- [Exercise goal] Copy each line in the data below that contains the word "True".

[Dataset entries]
------------

Lemma psd_herm A : psd A -> forall i j, (A j i)^* = A i j.
Proof.
move=> psdA i j.
have real u : (qform A u)^* = qform A u by apply/geC0_conj/psdA.
have := real (1 *: delta_mx i 0 + 1 *: delta_mx j 0).
have := real (1 *: delta_mx i 0 + 'i *: delta_mx j 0).
have := real (1 *: delta_mx i 0 + 0 *: delta_mx j 0).
have := real (0 *: delta_mx i 0 + 1 *: delta_mx j 0).
rewrite !qform_pair !rmorphD !rmorphM /= !conjCK !conjCi !rmorph1 !rmorph0.
set a := A i j; set b := A j i; set aii := A i i; set ajj := A j j.
rewrite !(mul1r, mul0r, mulr0, addr0, add0r, mulr1) => e4 e3 e2 e1.
rewrite e3 e4 in e1 e2.
(* the real and imaginary parts of the polarisation identity *)
have re : a^* + b^* - a - b = (aii + a^* + b^* + ajj) - (aii + a + b + ajj) by ring.
have im : 'i * (b^* - a^* - a + b) = (aii + - 'i * a^* + 'i * b^* + 'i * - 'i * ajj) -
    (aii + 'i * a + - 'i * b + - 'i * 'i * ajj) by ring.
rewrite e1 subrr in re; rewrite e2 subrr in im.
move/eqP: im; rewrite mulf_eq0 (negbTE (@neq0Ci C)) /= => /eqP im.
have : (b^* - a) * 2 = (a^* + b^* - a - b) + (b^* - a^* - a + b) by ring.
by rewrite re im addr0 => /eqP; rewrite mulf_eq0 pnatr_eq0 orbF subr_eq0 => /eqP.
Qed.

Lemma psd_factor A : psd A -> exists B : 'M[C]_N, A = adjmx B *m B.
Proof.
move=> psdA.
have hermA : map_mx Num.conj A^T = A by apply/matrixP => i j; rewrite !mxE psd_herm.
have /orthomx_spectralP : A \is normalmx by apply/normalmxP; rewrite hermA.
have unitP := spectral_unitarymx A.
set P := spectralmx A in unitP *; set d := spectral_diag A => defA.
rewrite invmx_unitary // -adjmx_map_tr in defA.
have PPt : P *m adjmx P = 1%:M by rewrite adjmx_map_tr; apply/unitarymxP.
have d_ge0 i : 0 <= d 0 i.
  have := psdA (adjmx P *m delta_mx i 0).
  rewrite adjmx_mul adjmxK adjmx_delta defA !mulmxA.
  rewrite -(mulmxA _ P) PPt mulmx1 -(mulmxA _ P) PPt mulmx1 delta_mul_delta.
  by rewrite !mxE eqxx mulr1n.
exists (diag_mx (map_mx sqrtC d) *m P).
rewrite adjmx_mul -mulmxA [_ *m (_ *m P)]mulmxA.
suff -> : adjmx (diag_mx (map_mx sqrtC d)) *m diag_mx (map_mx sqrtC d) = diag_mx d.
  by rewrite defA mulmxA.
apply/matrixP => i j; rewrite mul_mx_diag !mxE.
have [->|_] := eqVneq j i; last by rewrite !mulr0n rmorph0 mul0r.
by rewrite !mulr1n geC0_conj ?sqrtC_ge0 // -expr2 sqrtCK.
Qed.

End PsdFactor.

Section SeparableCone.
Variables n m : nat.

Lemma tens_psd_cone (Y : 'M[C]_n) (X : 'M[C]_m) :
  psd Y -> psd X -> cone (fun _ _ => True) (Y *t X).
Proof.
move=> /psd_factor [B ->] /psd_factor [D ->].
pose y (r : 'I_n) : 'cV[C]_n := \col_i B r i.
pose x (s : 'I_m) : 'cV[C]_m := \col_j (D s j)^*.
suff -> : (adjmx B *m B) *t (adjmx D *m D) = \sum_r \sum_s outer (prodvec (y r) (x s)).
  apply: cone_sum => r; apply: cone_sum => s.
  by rewrite -[outer _]add0r; apply: coneD1 => //; exact: cone0.
apply/matrixP; apply: mxtens_ind => i j; apply: mxtens_ind => k l.
rewrite tensmxE !mxE summxE mulr_suml; apply: eq_bigr => r _.
rewrite summxE mulr_sumr; apply: eq_bigr => s _.
rewrite outerE !prodvecE !mxE !rmorphM /= !conjCK; ring.
Qed.

Lemma inV1_cone (A : 'M[C]_(n * m)) : inV1 A -> cone (fun _ _ => True) A.
Proof.
case=> k [Y [X [psdYX ->]]]; apply: cone_sum => i.
by case: (psdYX i) => psdY psdX; apply: tens_psd_cone.
Qed.

End SeparableCone.

Lemma dual_face_cone n m (phi : {linear 'M[C]_m -> 'M[C]_n}) A :
  positive_map phi -> dual_face phi A -> cone (inP phi) A.
Proof.
move=> phi_pos [/inV1_cone]; elim=> [|A' y x _ cA IH]; first by move=> _; exact: cone0.
have ge0A := cone_pairing_ge0 phi_pos cA.
have ge0yx : 0 <= qform (phi (outer x)) y by exact: (phi_pos _ (psd_outer x)).
rewrite pairingDl pairing_outer_prodvec => /eqP.
by rewrite paddr_eq0 // => /andP[/eqP /IH cA' /eqP yx0]; apply: coneD1.
Qed.

Lemma bounded_nat_max (P : nat -> Prop) b : (exists k, P k) ->
  (forall k, P k -> (k <= b)%N) -> exists k, P k /\ forall j, P j -> (j <= k)%N.
Proof.
elim: b => [|b IH] [k0 Pk0] Pb.
  by exists k0; split=> // j /Pb; have := Pb _ Pk0; lia.
have [Pb1|nPb1] := classic (P b.+1); first by exists b.+1; split=> // j /Pb.
apply: IH; first by exists k0.
move=> k Pk; move: (Pb _ Pk); rewrite leq_eqVlt => /orP[/eqP ek|//].
by case: nPb1; rewrite -ek.
Qed.

Section MaximalCone.
Variables n m : nat.
Variable phi : {linear 'M[C]_m -> 'M[C]_n}.

Definition cone_rank (A : 'M[C]_(n * m)) := (\rank A + \rank (ptrans A))%N.

Lemma ex_max_cone_rank : exists A, cone (inP phi) A /\
  forall B, cone (inP phi) B -> (cone_rank B <= cone_rank A)%N.
Proof.
pose P k := exists A, cone (inP phi) A /\ k = cone_rank A.
have P0 : exists k, P k by exists (cone_rank 0), 0; split=> //; exact: cone0.
have Pbound k : P k -> (k <= n * m + n * m)%N.
  case=> A [_ ->]; rewrite /cone_rank.
  by have := rank_leq_row A; have := rank_leq_row (ptrans A); lia.
have [_ [[A [cA ->]] Amax]] := bounded_nat_max P0 Pbound.
by exists A; split=> // B cB; apply: Amax; exists B.
Qed.
(* Let $\mathbf{k}$ be a commutative ring in which $2$ is invertible and $A$ a $\mathbf{k}$-superalgebra. Then there are equivalences of supercategories $$\mathrm{Mod}(A\otimes_{\mathbf{k}}\mathcal{C}\ell_1)\simeq(\mathrm{Mod}(A)^{ct})^{rev},\qquad \mathrm{Mod}(A\otimes_{\mathbf{k}}\mathcal{C}\ell_1)\simeq\mathrm{Mod}_{\mathrm{super}}(A),\qquad \mathrm{Mod}(A\otimes_{\mathbf{k}}\mathcal{C}\ell_1^-)\simeq(\mathrm{Mod}(A)^{rev})^{ct}.$$
   Context: $\mathcal{C}\ell_1$ is the superalgebra generated by one odd element $C_1$ with $C_1^2=1$; $\mathcal{C}\ell_1^-$ is generated by one odd $C_1$ with $C_1^2=-1$. Tensor products of superalgebras use the sign rule $(a_1\otimes b_1)(a_2\otimes b_2)=(-1)^{|b_1||a_2|}a_1a_2\otimes b_1b_2$. For a superalgebra $B$ with $\phi_B(b)=(-1)^\epsilon b$ on $B_\epsilon$, $\mathrm{Mod}(B)$ is the category of left $B$-modules, a supercategory with $\Pi M=\{\pi(x)\}$, $b\pi(x)=\pi(\phi_B(b)x)$, $\xi_M(\pi\pi(x))=x$; $\mathrm{Mod}_{\mathrm{super}}(B)$ is the category of $B$-supermodules with even morphisms, $\Pi$ the parity shift and the same $\xi$. A supercategory is a $\mathbf{k}$-linear additive category with endofunctor $\Pi$ and $\xi:\Pi^2\xrightarrow\sim\mathrm{id}$, $\xi\Pi=\Pi\xi$; a superfunctor is $(F,\alpha_F)$ with $\alpha_F:F\Pi\xrightarrow\sim\Pi'F$ and $(\xi'F)(\Pi'\alpha_F)(\alpha_F\Pi)=F\xi$; an equivalence of supercategories is a superfunctor whose functor is an equivalence. $\mathcal{C}^{rev}=(\mathcal{C},\Pi,-\xi)$. The Clifford twist $\mathcal{C}^{ct}$ has objects $(X,\varphi)$, $\varphi:\Pi X\xrightarrow\sim X$ with $\varphi\circ\Pi\varphi=\xi_X$, morphisms $f$ with $f\varphi=\varphi'\Pi f$, $\Pi^{ct}(X,\varphi)=(X,-\varphi)$, $\xi^{ct}=\mathrm{id}$. *)

From Stdlib Require Import ProofIrrelevance FunctionalExtensionality.
From HB Require Import structures.
From mathcomp Require Import all_boot all_algebra.
Set Implicit Arguments. Unset Strict Implicit. Unset Printing Implicit Defensive.
Import GRing.Theory.
Local Open Scope ring_scope.

Lemma sig_ext (T : Type) (P : T -> Prop) (x y : {a | P a}) :
  proj1_sig x = proj1_sig y -> x = y.
Proof.
case: x => a Pa; case: y => b Pb /= eab; subst b; f_equal; apply: proof_irrelevance.
Qed.

Section Super.
Variable k : comPzRingType.

Record superAlg := SuperAlg {
  sa_car :> lmodType k;
  sa_mul : sa_car -> sa_car -> sa_car;
  sa_one : sa_car;
  sa_ev : sa_car -> sa_car;
  sa_od : sa_car -> sa_car }.

Record is_superalg (A : superAlg) : Prop := IsSuperalg {
  sa_mulA : forall a b c : A, sa_mul a (sa_mul b c) = sa_mul (sa_mul a b) c;
  sa_mul1l : forall a : A, sa_mul (sa_one A) a = a;
  sa_mul1r : forall a : A, sa_mul a (sa_one A) = a;
  sa_mulDl : forall a b x : A, sa_mul (a + b) x = sa_mul a x + sa_mul b x;
  sa_mulZl : forall (c : k) (a x : A), sa_mul (c *: a) x = c *: sa_mul a x;
  sa_mulDr : forall a b x : A, sa_mul x (a + b) = sa_mul x a + sa_mul x b;
  sa_mulZr : forall (c : k) (a x : A), sa_mul x (c *: a) = c *: sa_mul x a;
  sa_evD : forall a b : A, sa_ev (a + b) = sa_ev a + sa_ev b;
  sa_evZ : forall (c : k) (a : A), sa_ev (c *: a) = c *: sa_ev a;
  sa_odD : forall a b : A, sa_od (a + b) = sa_od a + sa_od b;
  sa_odZ : forall (c : k) (a : A), sa_od (c *: a) = c *: sa_od a;
  sa_evod : forall a : A, sa_ev a + sa_od a = a;
  sa_evev : forall a : A, sa_ev (sa_ev a) = sa_ev a;
  sa_odod : forall a : A, sa_od (sa_od a) = sa_od a;
  sa_evo : forall a : A, sa_ev (sa_od a) = 0;
  sa_ode : forall a : A, sa_od (sa_ev a) = 0;
  sa_ev1 : sa_ev (sa_one A) = sa_one A;
  sa_m00 : forall a b : A,
    sa_ev (sa_mul (sa_ev a) (sa_ev b)) = sa_mul (sa_ev a) (sa_ev b);
  sa_m01 : forall a b : A,
    sa_od (sa_mul (sa_ev a) (sa_od b)) = sa_mul (sa_ev a) (sa_od b);
  sa_m10 : forall a b : A,
    sa_od (sa_mul (sa_od a) (sa_ev b)) = sa_mul (sa_od a) (sa_ev b);
  sa_m11 : forall a b : A,
    sa_ev (sa_mul (sa_od a) (sa_od b)) = sa_mul (sa_od a) (sa_od b) }.

Definition sphi (A : superAlg) (a : A) : A := sa_ev a - sa_od a.

Record phi_props (A : superAlg) : Prop := PhiProps {
  phiD : forall a b : A, sphi (a + b) = sphi a + sphi b;
  phiZ : forall (c : k) (a : A), sphi (c *: a) = c *: sphi a;
  phiM : forall a b : A, sphi (sa_mul a b) = sa_mul (sphi a) (sphi b);
  phi1 : sphi (sa_one A) = sa_one A;
  phiK : forall a : A, sphi (sphi a) = a }.
(* Let $H\in\mathbb{R}^{n\times d}$ have rank $h$, $\Sigma\in\mathbb{R}^{n\times n}$ symmetric positive definite, $\Gamma_0$ the empirical covariance of an initial ensemble, $G_0=\Gamma_0$, $\widetilde{\mathbb{M}}_i=(I+G_iH^\top\Sigma^{-1}H)^{-1}$, $G_{i+1}=\widetilde{\mathbb{M}}_iG_i$. With $\widetilde{\mathbb{P}},\widetilde{\mathbb{Q}},\widetilde{\mathbb{N}}$ as in the context, for every $i\ge0$ these are spectral projectors of $\widetilde{\mathbb{M}}_i$: each commutes with $\widetilde{\mathbb{M}}_i$ and is idempotent, their pairwise products are zero, and $\widetilde{\mathbb{P}}+\widetilde{\mathbb{Q}}+\widetilde{\mathbb{N}}=I$.
   Context: $H^+=(H^\top\Sigma^{-1}H)^\dagger H^\top\Sigma^{-1}$. $\Gamma_0=\frac1{J-1}\sum_j(v_0^{(j)}-\bar v_0)(v_0^{(j)}-\bar v_0)^\top$. Let $C_i=HG_iH^\top$, $r$ the number of positive eigenvalues of $(C_0,\Sigma)$, and $\tilde w_1,\dots,\tilde w_n$ a basis of $\mathbb{R}^n$ with $\tilde w_k^\top\Sigma\tilde w_l$ equal to $1$ if $k=l$, $0$ otherwise, each a generalized eigenvector of $(C_i,\Sigma)$ for every $i$ with eigenvalue $\tilde\delta_{\ell,i}$, where $\tilde w_1,\dots,\tilde w_r\in\mathsf{Ran}(\Sigma^{-1}H)$ have positive eigenvalues, $\tilde w_{r+1},\dots,\tilde w_h\in\mathsf{Ran}(\Sigma^{-1}H)$ eigenvalue zero, $\tilde w_{h+1},\dots,\tilde w_n\in\mathsf{Ker}(H^\top)$. Let $\tilde u_\ell=\frac1{\tilde\delta_{\ell,0}}G_0H^\top\tilde w_\ell$ ($\ell\le r$), $\tilde u_\ell=H^+\Sigma\tilde w_\ell$ ($r<\ell\le h$), $\widetilde U=[\tilde u_1,\dots,\tilde u_h]$, $\widetilde U_{k:l}$ its columns $k$ through $l$. $\widetilde{\mathbb{P}}=\widetilde U_{1:r}\widetilde U_{1:r}^\top H^\top\Sigma^{-1}H$, $\widetilde{\mathbb{Q}}=\widetilde U_{r+1:h}\widetilde U_{r+1:h}^\top H^\top\Sigma^{-1}H$, $\widetilde{\mathbb{N}}=I-\widetilde{\mathbb{P}}-\widetilde{\mathbb{Q}}$. *)

From HB Require Import structures.
From mathcomp Require Import all_boot all_order all_algebra.
From mathcomp Require Import boolp classical_sets.
Set Implicit Arguments. Unset Strict Implicit. Unset Printing Implicit Defensive.
Import Order.TTheory GRing.Theory Num.Theory.
Local Open Scope ring_scope.

Section Defs.
Variable R : realFieldType.

Definition spd n (S : 'M[R]_n) : Prop :=
  S^T = S /\ forall x : 'cV[R]_n, x != 0 -> 0 < (x^T *m S *m x) 0 0.

Definition penrose m n (A : 'M[R]_(m, n)) (X : 'M[R]_(n, m)) : Prop :=
  [/\ A *m X *m A = A, X *m A *m X = X, (A *m X)^T = A *m X & (X *m A)^T = X *m A].

Definition mpinv m n (A : 'M[R]_(m, n)) : 'M[R]_(n, m) :=
  xget 0 (fun X => penrose A X).

Definition ens_mean d J (v : 'I_J -> 'cV[R]_d) : 'cV[R]_d :=
  J%:R^-1 *: \sum_(j < J) v j.
Definition emp_cov d J (v : 'I_J -> 'cV[R]_d) : 'M[R]_d :=
  (J.-1)%:R^-1 *: \sum_(j < J) (v j - ens_mean v) *m (v j - ens_mean v)^T.
Lemma nash_HP_iff a :
  0 <= a <= 1 -> (forall n, 0 <= hP n) -> (forall n, 0 <= hO n) ->
  tot hO <= tot hP -> (forall n, (tot hP - tot hO) - E n <= 2 * (N%:R - 1) * hP n) ->
  forall lP lO, nash_HP E hP hO a lP lO <->
    (forall n, lP n = hp_peak a n /\ lO n = hp_offpeak a n).
Proof.
move=> a_range hP_ge0 hO_ge0 hO_le_hP cond.
apply: (nash_iff_stationary (@cost_HP_deviation a)) => //.
- exact: grad_HP_strict_P.
- exact: hp_feasible.
- by move=> n; exact: hp_stationary.
Qed.

End HourlyProportional.

Theorem theorem3 (R : realFieldType) (N : nat) (E hP hO : 'I_N -> R)
  (hE : forall n, 0 < E n)
  (hPpos : forall n, 0 <= hP n) (hOpos : forall n, 0 <= hO n)
  (hsum : forall n, hP n + hO n = E n)
  (hpeak1 : tot E / 2 <= tot hP) (hpeak2 : tot hO <= tot E / 2) :
  ((forall n, tot hP / tot E <= hP n / E n + 1 / 2) ->
     (forall alpha : R, 0 < alpha <= 1 ->
        forall lP lO : 'I_N -> R,
          nash_DP E hP hO alpha lP lO <->
          (forall n,
             lP n = hP n + E n / tot E * ((1 - alpha) / 2) * (tot hO - tot hP) /\
             lO n = hO n + E n / tot E * ((1 - alpha) / 2) * (tot hP - tot hO)))
     /\
     (forall lP lO : 'I_N -> R,
        feasible E lP lO -> tot lP = tot E / 2 -> nash_DP E hP hO 0 lP lO))
  /\
  ((forall n, (tot hP - tot hO) - E n <= 2 * (N%:R - 1) * hP n) ->
     forall alpha : R, 0 <= alpha <= 1 ->
       (0 <= phi N alpha <= 1) /\
       (forall lP lO : 'I_N -> R,
          nash_HP E hP hO alpha lP lO <->
          (forall n,
             lP n = hP n + (1 - alpha) / (2 * (1 + alpha)) *
                      (phi N alpha * (tot hO - tot hP) + (hO n - hP n)) /\
             lO n = hO n + (1 - alpha) / (2 * (1 + alpha)) *
                      (phi N alpha * (tot hP - tot hO) + (hP n - hO n))))).
Proof.
have hO_le_hP : tot hO <= tot hP := le_trans hpeak2 hpeak1.
split=> [cond_DP | cond_HP alpha alpha_range].
- split=> [alpha alpha_range | lP lO].
  + exact: nash_DP_iff.
  + exact: nash_DP0_balanced.
- split; first exact: phi_ge0_le1.
  exact: nash_HP_iff.
Qed.
(* Let $k > 1$ be an integer and let $p > 2k+1$ be a prime such that $p$ divides $\mathrm{num}\!\left(\frac{2^{2k}(2^{2k-1}-1)}{(2k)!}B_k\right)$. Then $p$ divides $t_k = a_k\, 2^{2k-2}(2^{2k-1}-1)\,\mathrm{num}\!\left(\frac{B_k}{4k}\right)$, where $a_k = 1$ if $k$ is even and $a_k = 2$ if $k$ is odd.
   Context: $B_k$ denotes the $k$-th Bernoulli number in the convention of Hirzebruch and Milnor–Kervaire ($B_1 = 1/6$, $B_2 = 1/30$, $B_3 = 1/42, \dots$; i.e. $B_k = |b_{2k}|$ where $t/(e^t-1)=\sum b_m t^m/m!$). For a rational number $a/b$, $\mathrm{num}(a/b)$ denotes the numerator of $a/b$ written in lowest terms. (The integer $t_k$ is the order of the group of homotopy $(4k-1)$-spheres bounding parallelizable manifolds.) *)

From mathcomp Require Import all_boot all_order all_algebra.
Set Implicit Arguments. Unset Strict Implicit. Unset Printing Implicit Defensive.
Import Order.TTheory GRing.Theory Num.Theory.
Local Open Scope ring_scope.

(* Bernoulli numbers b_m with t/(e^t-1) = sum b_m t^m/m!, i.e.
   b_0 = 1 and sum_{j=0}^{m} C(m+1,j) b_j = 0 for m >= 1.
   bern_list n = [:: b_0; ...; b_n]. *)
Fixpoint bern_list (n : nat) : seq rat :=
  match n with
  | 0 => [:: 1]
  | n'.+1 =>
      let s := bern_list n' in
      rcons s (- ((n'.+2)%:R)^-1 *
               \sum_(j < n'.+1) ('C(n'.+2, j))%:R * nth 0 s j)
  end.

Definition bernoulli_b (m : nat) : rat := nth 0 (bern_list m) m.

(* Hirzebruch / Milnor-Kervaire convention: B_k = |b_{2k}| (B_1 = 1/6, ...). *)
Definition BernB (k : nat) : rat := `| bernoulli_b k.*2 |.

Definition a_k (k : nat) : int := if odd k then 2 else 1.

Definition t_k (k : nat) : int :=
  a_k k * (2 ^+ (k.*2 - 2)) * (2 ^+ (k.*2 - 1) - 1) *
  numq (BernB k / (4 * k)%:R).

From mathcomp Require Import all_boot all_order all_algebra.
From mathcomp Require Import ring zify.
Set Implicit Arguments. Unset Strict Implicit. Unset Printing Implicit Defensive.
Import Order.TTheory GRing.Theory Num.Theory.
Local Open Scope ring_scope.

(* The two rationals in the statement differ by the factor
   [(2k)! / (k 2^(2k+2) (2^(2k-1) - 1))]; for p > 2k+1 either p divides
   [2^(2k-1) - 1], which is itself a factor of t_k, or the factor is a p-adic
   unit, and a p-adic unit factor cannot remove p from a numerator. *)

Lemma coprimez_numq_den (d : int) (x : rat) :
  (d %| numq x)%Z -> coprimez d (denq x).
Proof. by rewrite dvdzE coprimezE => /coprime_dvdl; apply; apply: coprime_num_den. Qed.

Lemma numq_denq_cross (x y : rat) (u v : int) :
  x * u%:~R = y * v%:~R -> numq y * (denq x * v) = numq x * (denq y * u).
Proof.
move=> exy; apply: (@intr_inj rat); rewrite !rmorphM /= !numqE.
transitivity (y * v%:~R * ((denq x)%:~R * (denq y)%:~R)); first by ring.
by rewrite -exy; ring.
Qed.

Lemma dvdz_numq_scale (d u v : int) (x y : rat) :
  coprimez d v -> x * u%:~R = y * v%:~R ->
  (d %| numq x)%Z -> (d %| numq y)%Z.
Proof.
move=> dv exy dx; have dxden := coprimez_numq_den dx.
rewrite -(Gauss_dvdzl _ (_ : coprimez d (denq x * v))); last by rewrite coprimezMr dxden.
by rewrite (numq_denq_cross exy) mulrC dvdz_mull.
Qed.

Lemma prime_coprimez (p : nat) (n : int) :
  prime p -> coprimez p n = ~~ (p%:Z %| n)%Z.
Proof. by move=> pp; rewrite coprimezE dvdzE prime_coprime. Qed.

Lemma prime_coprimez_lt (p n : nat) :
  prime p -> (0 < n < p)%N -> coprimez p n.
Proof. by move=> pp /andP[n0 np]; rewrite prime_coprimez // dvdzE gtnNdvd. Qed.

Theorem proposition3p13 (k p : nat) :
  (1 < k)%N -> prime p -> (k.*2.+1 < p)%N ->
  (p%:Z %| numq ((2 ^+ k.*2 * (2 ^+ (k.*2 - 1) - 1)) / (k.*2)`!%:R * BernB k))%Z ->
  (p%:Z %| t_k k)%Z.
Proof.
move=> k1 pp pk pX; rewrite /t_k.
set M : int := 2 ^+ (k.*2 - 1) - 1.
have [pM | pNM] := boolP (p%:Z %| M)%Z; first by rewrite dvdz_mulr // dvdz_mull.
apply: dvdz_mull; apply: (@dvdz_numq_scale _ (k.*2)`!%:Z (k%:Z * 2 ^+ (k.*2 + 2) * M) _ _ _ _ pX).
- have [k_bounds two_bounds] : (0 < k < p)%N /\ (0 < 2 < p)%N by lia.
  by rewrite !coprimezMr prime_coprimez_lt // coprimezXr ?prime_coprimez_lt // prime_coprimez.
- have kf : (k.*2)`!%:R != 0 :> rat by rewrite pnatr_eq0 -lt0n fact_gt0.
  have kn0 : k%:R != 0 :> rat by rewrite pnatr_eq0 -lt0n (ltnW k1).
  rewrite /M !rmorphM /= !rmorphB /= !rmorphXn /= rmorph1.
  rewrite -[(k.*2)`!%:~R]/((k.*2)`!%:R) -[k%:~R]/(k%:R) -[2%:~R]/(2 : rat).
  by rewrite natrM exprD; field; rewrite kf kn0.
Qed.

------------

- [Response to this exercise]
  psd Y -> psd X -> cone (fun _ _ => True) (Y *t X).
Lemma inV1_cone (A : 'M[C]_(n * m)) : inV1 A -> cone (fun _ _ => True) A.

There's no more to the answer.